日 時:2018年10月31日(木) 16:00~17:30
会 場:早稲田大学早稲田キャンパス8号館6階604教室
講 師:石田 智恵 早稲田大学法学学術院講師
司 会:中村 民雄 早稲田大学比較法研究所所長
参加者:13名(うち学生5名)
2018年10月31日(木)に、「「日系人」の法的地位からみるナショナリティと出自の考察」というテーマで公開講演・討論会を開催した。
まず、講師の石田智恵氏(早稲田大学法学学術院講師)より、ご自身の博士学位論文「<日系人>の生成と動態――集団カテゴリーと移民コミュニティの歴史人類学」に基づき、法学との接点から、ネイション(nation:国家)・エトニ―(ethnie:民族)、「日本人」の同一性、移民政策などについての講演があった。
「二重国籍問題」について
戦前の米国における「日系市民」問題を取り上げた。石田氏は、1924年の日本国籍法の改正において、日本国政府が二重国籍を「問題」とした理由は、国民の正当性・法的整合性に問題があったからではなく、国際情勢下におけるアメリカとの外交関係にあったこと、そのための解決策として、「二世」を法に定められない「ethnie:民族」として「日本」の名を負う「日系市民」にするという理論が立てられたことを指摘した。
「日系二世」の帰還、日本国籍の再取得について
石田氏は、「国籍法」の規定を踏まえ、「日本国籍の喪失」とは出生による日本国籍保有の事実を消すものではなく、日本国籍を保有した事実の上に国籍を喪失した事実が重ねられる、追加されるものであることを指摘した。
また、「日系人」には、母国から来日し合法的労働者として日本に在住する日本人移民の子孫も含まれる。日本国内では「日系人」という語は「定住者」という在留資格と明確に区別されず用いられることがあるが、1990年の改正入管法では「日系人」は定義されていない。その理由について、石田氏は、日本の外国人政策は「国籍」をもとにしたものであり「人種主義」に基づいているわけではないと示すとともに、「日系人」を「外国人」の法カテゴリーに含めることを避ける意味もあったのではないか、と述べた。

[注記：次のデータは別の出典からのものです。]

Lemma strict_convexity_nonneg (G G1 G2 : R -> R) :
  continuity_pt G 0 ->
  (forall t, 0 < t -> is_derive G t (G1 t)) ->
  (forall t, 0 < t -> is_derive G1 t (G2 t)) ->
  (forall t, 0 < t -> 0 < G2 t) ->
  forall x y l, 0 <= x -> 0 <= y -> x <> y -> 0 < l < 1 ->
    G (l * x + (1 - l) * y) < l * G x + (1 - l) * G y.
Proof.
intros C0 D1 D2 Pos.
assert (Incr : forall c d, 0 < c < d -> G1 c < G1 d).
{ intros c d Hcd.
  destruct (MVT_strict G1 G2 c d) as [e [He E]]; [lra|intros; apply D2; lra| |].
  - intros s Hs; exact (continuity_pt_of_is_derive _ _ _ (D2 s ltac:(lra))).
  - assert (0 < G2 e) by (apply Pos; lra); nra. }
assert (Main : forall x y l, 0 <= x < y -> 0 < l < 1 ->
  G (l * x + (1 - l) * y) < l * G x + (1 - l) * G y).
{ intros x y l Hxy Hl; apply (convex_combination_lt G G1); try lra.
  - intros; apply D1; lra.
  - intros c Hc; destruct (Req_dec c 0) as [->|Hc0]; [exact C0|].
    exact (continuity_pt_of_is_derive _ _ _ (D1 c ltac:(lra))).
  - intros; apply Incr; lra. }
intros x y l Hx Hy Hxy Hl; destruct (Rlt_dec x y) as [Hlt|Hge].
- apply Main; lra.
- replace (l * x + (1 - l) * y) with ((1 - l) * y + (1 - (1 - l)) * x) by ring.
  replace (l * G x + (1 - l) * G y) with ((1 - l) * G y + (1 - (1 - l)) * G x) by ring.
  apply Main; lra.
Qed.

Lemma Rpower_pos t c : 0 < Rpower t c.
Proof. apply exp_pos. Qed.

Lemma Rpower_le1 x c : 0 < x <= 1 -> 0 <= c -> Rpower x c <= 1.
Proof.
intros Hx Hc; replace 1 with (Rpower 1 c) by (unfold Rpower; rewrite ln_1, Rmult_0_r; apply exp_0).
apply Rle_Rpower_l; lra.
Qed.

Lemma filterlim_scal_m_infty c : 0 < c ->
  filterlim (fun y => c * y) (Rbar_locally m_infty) (Rbar_locally m_infty).
Proof.
intros Hc P [M HM]; exists (M / c); intros x Hx; apply HM.
apply Rlt_div_r in Hx; lra.
Qed.

Lemma filterlim_scal_p_infty c : 0 < c ->
  filterlim (fun y => c * y) (Rbar_locally p_infty) (Rbar_locally p_infty).
Proof.
intros Hc P [M HM]; exists (M / c); intros x Hx; apply HM.
apply Rlt_div_l in Hx; lra.
Qed.

Lemma Rpower_at_0 c : 0 < c -> filterlim (fun t => Rpower t c) (at_right 0) (locally 0).
Proof.
intros Hc; unfold Rpower.
apply (filterlim_comp _ _ _ (fun t => c * ln t) exp _ (Rbar_locally m_infty));
  [|exact is_lim_exp_m].
apply (filterlim_comp _ _ _ ln (fun y => c * y) _ (Rbar_locally m_infty));
  [exact is_lim_ln_0|exact (filterlim_scal_m_infty c Hc)].
Qed.

Lemma Rpower_at_p_infty c : 0 < c ->
  filterlim (fun t => Rpower t c) (Rbar_locally p_infty) (Rbar_locally p_infty).
Proof.
intros Hc; unfold Rpower.
apply (filterlim_comp _ _ _ (fun t => c * ln t) exp _ (Rbar_locally p_infty));
  [|exact is_lim_exp_p].
apply (filterlim_comp _ _ _ ln (fun y => c * y) _ (Rbar_locally p_infty));
  [exact is_lim_ln_p|exact (filterlim_scal_p_infty c Hc)].
Qed.

Lemma at_right_0_le1 : at_right 0 (fun t => 0 < t <= 1).
Proof.
exists (mkposreal 1 Rlt_0_1); intros y Hy Hy0.
change (Rabs (y - 0) < 1) in Hy; apply Rabs_def2 in Hy; lra.
Qed.

Section VariableExponentPower.

Variables p p1 p2 f : R -> R.
Hypothesis p_derive : forall t, is_derive p t (p1 t).
Hypothesis p1_derive : forall t, is_derive p1 t (p2 t).
Hypothesis p2_continuous : forall t, continuous p2 t.
Hypothesis f_Rpower : forall t, 0 < t -> f t = Rpower t (p t).

Definition elasticity t := p t + t * ln t * p1 t.
Definition elasticity1 t := (2 + ln t) * p1 t + t * ln t * p2 t.
Definition vpow_deriv t := f t * elasticity t / t.
Definition vpow_deriv2 t :=
  f t / t ^ 2 * (elasticity t * (elasticity t - 1) + t * elasticity1 t).

Lemma f_exp_loc t : 0 < t -> locally t (fun x => exp (p x * ln x) = f x).
Proof.
intros Ht; apply (filter_imp (fun x => 0 < x)); [|exact (open_gt 0 t Ht)].
intros x Hx; rewrite f_Rpower by exact Hx; reflexivity.
Qed.

Lemma is_derive_vpow t : 0 < t -> is_derive f t (vpow_deriv t).
Proof.
intros Ht; apply (is_derive_ext_loc _ _ _ _ (f_exp_loc t Ht)).
unfold vpow_deriv, elasticity; rewrite f_Rpower by exact Ht; unfold Rpower.
auto_derive; [exact (conj (ex_intro _ _ (p_derive t)) (conj Ht I))|].
rewrite (is_derive_unique (fun x : R => p x) _ _ (p_derive t)); field; lra.
Qed.

Lemma is_derive_elasticity t : 0 < t -> is_derive elasticity t (elasticity1 t).
Proof.
intros Ht; unfold elasticity, elasticity1; auto_derive.
- split_conj; [exact (ex_intro _ _ (p_derive t))|exact Ht
              |exact (ex_intro _ _ (p1_derive t))|exact I].
- rewrite (is_derive_unique (fun x : R => p x) _ _ (p_derive t)).
  rewrite (is_derive_unique (fun x : R => p1 x) _ _ (p1_derive t)).
  field; lra.
Qed.

Lemma is_derive_vpow_deriv t : 0 < t -> is_derive vpow_deriv t (vpow_deriv2 t).
Proof.
intros Ht; unfold vpow_deriv; auto_derive.
- split_conj; [exact (ex_intro _ _ (is_derive_vpow t Ht))
              |exact (ex_intro _ _ (is_derive_elasticity t Ht))|lra|exact I].
- rewrite (is_derive_unique (fun x : R => f x) _ _ (is_derive_vpow t Ht)).
  rewrite (is_derive_unique (fun x : R => elasticity x) _ _ (is_derive_elasticity t Ht)).
  unfold vpow_deriv, vpow_deriv2; field; lra.
Qed.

最後に、石田氏は、戦後の「海外日系人」が日本国籍を持つ海外同胞という新しい「民族的日本人」に位置づけられ、戦後日本のネイションを裏付ける存在として再定義されたこと、その一方でナショナリティとは自然の領域(出自)と法の領域(国籍/市民権)だけでなく、社会という領域(歴史)によっても構成されることを指摘した。
講演に続いて、中村所長からのコメント、参加者との質疑応答があった。質疑応答では、参加した教員、大学院生からの熱心な質問に石田氏が丁寧に答えるなど大いに盛り上がりを見せ、大変有意義な講演・討論会となった。